Crucially, RET mice start with normal dark fur and then accumulate grey hairs progressively, creating a trackable greying slope. That gives researchers a realistic way to ask whether candidates like Luteolin preserve the melanocyte stem-cell (MeSC) reserve and keep supplying pigment-producing cells cycle after cycle, delaying the visible build-up of grey hair.

In the 2020 study, the team treated these mice as a living timeline of greying [Ref 3]. They kept groups of ordinary mice and groups of RET-mice and followed them from youth into old age. At key ages, they plucked small samples of trunk hair and counted 100 hairs per mouse, classifying each one as dark or grey to calculate how the proportion of grey hairs changed over time. They also took small skin samples so they could later compare what was happening inside dark versus grey follicles. This step-by-step tracking of hair colour and follicle structure, across many ages and in both normal and RET-mice, is the backbone of the model; the next question is what they found when they started looking inside those follicles.
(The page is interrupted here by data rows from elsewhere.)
Lemma ideal_gen_vanish m (h : nat -> state n -> {mpoly R[nrxn G]}) kappa
    (c : 'I_n -> R) :
  (forall l, (m <= l)%N ->
     exists C, forall x, Gamma l x -> (h l x).@[kappa] = C * product_form c x) ->
  forall p, ideal_gen m h p -> p.@[kappa] = 0.
Proof.
move=> hC p [[i [j [k [x [x' [y [y' [mi [Ex Ey] [Gx Gx' Gy Gy'] [xyj xyk] ->]]]]]]]]|
  [i [j [k [x [y [z [w [mi [Gx Gz Gxj Gy [Gzk Gw]] [Gyj Gwk] [xyj zwk] ->]]]]]]]]].
- have [C0 hC0] := hC i mi; have [C1 hC1] := hC i.+1 (leqW mi).
  rewrite mevalB !mevalM hC0 // hC1 // hC1 // hC0 //.
  transitivity (C0 * C1 * (product_form c x' * product_form c y)
                - C0 * C1 * (product_form c y' * product_form c x)); first by ring.
  by rewrite (product_form_relation_a c Ex Ey xyj xyk) subrr.
- have [C0 hC0] := hC i mi; have [C1 hC1] := hC i.+1 (leqW mi).
  have [C2 hC2] := hC i.+2 (leqW (leqW mi)).
  rewrite mevalB !mevalM hC0 // hC0 // hC1 // hC1 // hC1 // hC1 // hC2 // hC2 //.
  set C := C1 * C1 * C2 * C0.
  transitivity (C * (product_form c (add_e x j) * product_form c y
                     * product_form c (add_e w k) * product_form c z)
                - C * (product_form c (add_e z k) * product_form c w
                       * product_form c (add_e y j) * product_form c x)).
    by rewrite /C; ring.
  by rewrite (product_form_relation_b c xyj zwk) subrr.
Qed.

Lemma V_ideal_of_gens m (h : nat -> state n -> {mpoly R[nrxn G]}) kappa :
  (forall p, ideal_gen m h p -> p.@[kappa] = 0) -> V_ideal m h kappa.
Proof.
move=> gen0 p [s [s_gen ->]]; rewrite raddf_sum /= big1_seq // => t /s_gen t_gen.
by rewrite mevalM (gen0 _ t_gen) mulr0.
Qed.

End IdealVanishing.

Lemma V_cb_pos_sub_V_G_pos (R : realType) n (G : crn n) m
    (h : nat -> state n -> {mpoly R[nrxn G]}) :
  (forall l, (m <= l)%N -> irreducible_component G (fun x => Gamma l x)) ->
  (forall kappa : 'I_(nrxn G) -> R, positive kappa ->
     forall l, (m <= l)%N ->
       stationary_on kappa l
         (fun x => (h l x).@[kappa] / sum_Gamma l (fun y => (h l y).@[kappa]))) ->
  forall kappa, V_cb_pos kappa -> V_G_pos m h kappa.
Proof.
move=> irrGamma stat_h kappa [kappa_pos [c [c_pos cb]]]; split => //.
apply/V_ideal_of_gens/(ideal_gen_vanish (c := c)) => l ml.
have mc := mass_conserving_of_irreducible_Gamma irrGamma.
exact: normalized_product_form kappa_pos mc cb c_pos (irrGamma l ml)
  (stat_h kappa kappa_pos l ml).
Qed.

Section ReactionGraph.
Variables (n : nat) (G : crn n).
Local Notation linked := (connect (rgraph_uedge (G:=G))).

Lemma linked_sym : connect_sym (rgraph_uedge (G:=G)).
Proof. by apply: sym_connect_sym => a b; rewrite /rgraph_uedge orbC. Qed.

Lemma linked_src_tgt a k : linked a (src G k) = linked a (tgt G k).
Proof.
have src_tgt : linked (src G k) (tgt G k).
  by apply/connect1/orP; left; apply/existsP; exists k; rewrite !eqxx.
apply/idP/idP => [|a_tgt]; first by move/connect_trans; apply.
by apply: connect_trans a_tgt _; rewrite linked_sym.
Qed.

Lemma weakly_reversible_linked : weakly_reversible G ->
  forall a b, linked a b -> connect (rgraph_edge (G:=G)) a b.
Proof.
move=> wr; apply: connect_sub => a b /orP[ab|/existsP[k /andP[/eqP <- /eqP <-]]].
  exact: connect1.
exact: wr.
Qed.

End ReactionGraph.

Section BalancedVectors.
Variables (R : realType) (n : nat) (G : crn n) (kappa : 'I_(nrxn G) -> R).
Hypothesis kappa_pos : positive kappa.
Local Notation C := (ncpx G).
Local Notation linked := (connect (rgraph_uedge (G:=G))).

Definition inflow (v : 'I_C -> R) (eta : 'I_C) : R :=
  \sum_(k | tgt G k == eta) kappa k * v (src G k).

Definition outflow_rate (eta : 'I_C) : R := \sum_(k | src G k == eta) kappa k.

Definition balanced (v : 'I_C -> R) : Prop :=
  forall eta, inflow v eta = v eta * outflow_rate eta.

Lemma outflow_rate_ge0 eta : 0 <= outflow_rate eta.
Proof. by apply: sumr_ge0 => k _; exact: ltW. Qed.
In this lab model, which recapitulates key steps seen in human greying, researchers tested the plant flavonoid Luteolin in two ways: applying a 1% Luteolin solution to shaved skin and administering Luteolin orally mixed into the food.

In both setups, mice that received Luteolin developed grey hairs more slowly than untreated animals. When the researchers looked at the follicles, they saw that treated mice kept more pigment stem cells and pigment-producing cells, which means the follicles could stay 'in colour mode' for longer [Ref 1].
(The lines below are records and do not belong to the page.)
(* Let $a>0$, $\alpha\in[0,1)$ and $f\in\mathcal C_a$. Then the function $\mathrm{Sh}_\alpha(f)$ is convex.
   Context: $\mathcal C_a$ is the set of $C^1$ functions $f:\mathbb R\to\mathbb R$ that are even, satisfy $f(s)=|s|$ for $|s|\ge a$ and are strictly convex on $[-a,a]$. For $f\in\mathcal C_a$: $F_\alpha(s)=f(s)-\alpha s$, $x_\alpha^+=(f')^{-1}(\alpha)\in[0,a)$ (inverse of $f':[-a,a]\to[-1,1]$); $F_\alpha$ decreases on $(-\infty,x_\alpha^+]$ and increases on $[x_\alpha^+,\infty)$. Let $F_\alpha^{-1}$ be the inverse of $F_\alpha|_{[x_\alpha^+,\infty)}$, $\phi=F_\alpha^{-1}\circ F_\alpha$, $\delta_x=(1-\alpha)^{-1}F_\alpha(x)-\phi(x)$, $s_\alpha=x_\alpha^++\delta_{x_\alpha^+}$; $x\mapsto x+\delta_x$ is an increasing bijection $(-\infty,x_\alpha^+]\to(-\infty,s_\alpha]$ with inverse $\tau$. Define $\mathrm{Sh}_\alpha(f)(x)=\alpha x+F_\alpha(\tau(x))$ for $x\le s_\alpha$ and $=x$ for $x>s_\alpha$. *)

From Stdlib Require Import Reals ClassicalEpsilon.
From Coquelicot Require Import Coquelicot.
Open Scope R_scope.

Definition C1 (f : R -> R) : Prop :=
  (forall x, ex_derive f x) /\ (forall x, continuous (Derive f) x).

Definition strictly_convex_on (lo hi : R) (f : R -> R) : Prop :=
  forall x y t, lo <= x <= hi -> lo <= y <= hi -> x <> y -> 0 < t < 1 ->
    f (t * x + (1 - t) * y) < t * f x + (1 - t) * f y.

Definition convex_fun (g : R -> R) : Prop :=
  forall x y t, 0 <= t <= 1 ->
    g (t * x + (1 - t) * y) <= t * g x + (1 - t) * g y.

Definition class_C (a : R) (f : R -> R) : Prop :=
  C1 f /\ (forall s, f (- s) = f s) /\
  (forall s, a <= Rabs s -> f s = Rabs s) /\
  strictly_convex_on (- a) a f.

Definition Fa (f : R -> R) (alpha s : R) : R := f s - alpha * s.

Definition xplus (a : R) (f : R -> R) (alpha : R) : R :=
  epsilon (inhabits 0) (fun x => - a <= x <= a /\ Derive f x = alpha).

Definition Fainv (a : R) (f : R -> R) (alpha y : R) : R :=
  epsilon (inhabits 0) (fun x => xplus a f alpha <= x /\ Fa f alpha x = y).

Definition phi (a : R) (f : R -> R) (alpha x : R) : R :=
  Fainv a f alpha (Fa f alpha x).

Definition delta (a : R) (f : R -> R) (alpha x : R) : R :=
  Fa f alpha x / (1 - alpha) - phi a f alpha x.

Definition s_alpha (a : R) (f : R -> R) (alpha : R) : R :=
  xplus a f alpha + delta a f alpha (xplus a f alpha).

(* tau: inverse of x |-> x + delta_x, (-oo, x_alpha^+] -> (-oo, s_alpha] *)
Definition tau (a : R) (f : R -> R) (alpha y : R) : R :=
  epsilon (inhabits 0)
    (fun x => x <= xplus a f alpha /\ x + delta a f alpha x = y).

Definition Sh (a : R) (f : R -> R) (alpha x : R) : R :=
  if Rle_dec x (s_alpha a f alpha)
  then alpha * x + Fa f alpha (tau a f alpha x)
  else x.

From Stdlib Require Import Reals Lra ClassicalEpsilon.
From Coquelicot Require Import Coquelicot.
Open Scope R_scope.

(* Since f' is increasing with values in [-1, 1], F_alpha is convex, decreasing
   on (-oo, x_alpha^+] and increasing on [x_alpha^+, +oo).  Let R and L be its
   right and left inverse branches on [min F_alpha, +oo).  On (-oo, x_alpha^+]
   the map x |-> x + delta_x factors as h o F_alpha with
   h c = c / (1 - alpha) - R c + L c.  As inverses of a convex function on a
   monotone branch, R is concave and L is convex, so h is convex; and since
   F_alpha' <= 1 - alpha, R grows at rate at least 1 / (1 - alpha), so h is
   strictly decreasing.  Hence K x := F_alpha (tau x), extended by min F_alpha
   beyond s_alpha, is the least level c >= min F_alpha with h c <= x, and the
   least point of a sublevel set of a convex function is convex in the level.
   Finally Sh_alpha(f) x = alpha x + max (K x) ((1 - alpha) x). *)

Lemma IVT_value (g : R -> R) lo hi c :
  continuity g -> lo <= hi -> (g lo - c) * (g hi - c) <= 0 ->
  exists z, lo <= z <= hi /\ g z = c.
Proof.
  intros Hg Hlohi Hsign.
  assert (Hc : continuity (fun x => g x - c)).
  { intro x. apply continuity_pt_minus; [apply Hg|].
    apply continuity_pt_const. now intros u v. }
  destruct (IVT_cor _ lo hi Hc Hlohi Hsign) as [z [Hz Ez]].
  exists z. split; [exact Hz | lra].
Qed.

Lemma continuity_pt_eq_near (g : R -> R) x v :
  continuity_pt g x ->
  (forall e, 0 < e -> exists y, y <> x /\ Rabs (y - x) < e /\ g y = v) ->
  g x = v.
Proof.
  intros Hc Hnear. destruct (Req_dec (g x) v) as [E|E]; [exact E|exfalso].
  assert (He : 0 < Rabs (g x - v)) by (apply Rabs_pos_lt; lra).
  destruct (Hc _ He) as [del [Hdel Hball]].
  destruct (Hnear del Hdel) as [y [Hyx [Hy Ey]]].
  assert (Hgy : Rabs (g y - g x) < Rabs (g x - v)) by (apply Hball; now repeat split).
  rewrite Ey, Rabs_minus_sym in Hgy. lra.
Qed.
To check if this was just any antioxidant effect, they repeated the experiment with two related flavonoids, Hesperetin and Diosmetin. Those did not slow greying and did not protect the pigment stem cells in the same way. So in this model, Luteolin stood out as the only flavonoid that clearly slowed the build-up of grey hairs.

The study suggests Luteolin delayed greying by reducing oxidative stress and preserving key niche signals that keep pigment stem cells functional. As a result, Luteolin-treated follicles retained more melanocyte stem cells and more pigment-producing melanocytes in the bulb. Overall, Luteolin appears to do more than act as a generic antioxidant in this model. It helps protect the pigment stem-cell system and slows the shift from coloured to grey hair.

The experimental result shows that Luteolin is a serious anti-greying candidate with a clear biological rationale.

In this lab model, Luteolin helped preserve the pigment “stem-cell bank” by lowering oxidative stress and keeping the follicle environment more supportive for pigment renewal.

The core building blocks of this system exist in human follicles too, which makes Luteolin a plausible candidate. Luteolin was the only compound in the study that effectively protected this system, helping pigment stem cells resist stress and continue producing colour. Confirming its full potential in humans requires well-designed clinical research.

Luteolin was not just proposed as an anti-greying candidate — it was tested in a fast-greying model, and it helped. More importantly, we have a clear idea of why. In the experiments, greying slowed because Luteolin reduced oxidative stress and improved signalling in the stem-cell niche, helping preserve the melanocyte reserve. That means it acted on key drivers of greying. As a result, even under stress exposure, treated mice stayed coloured.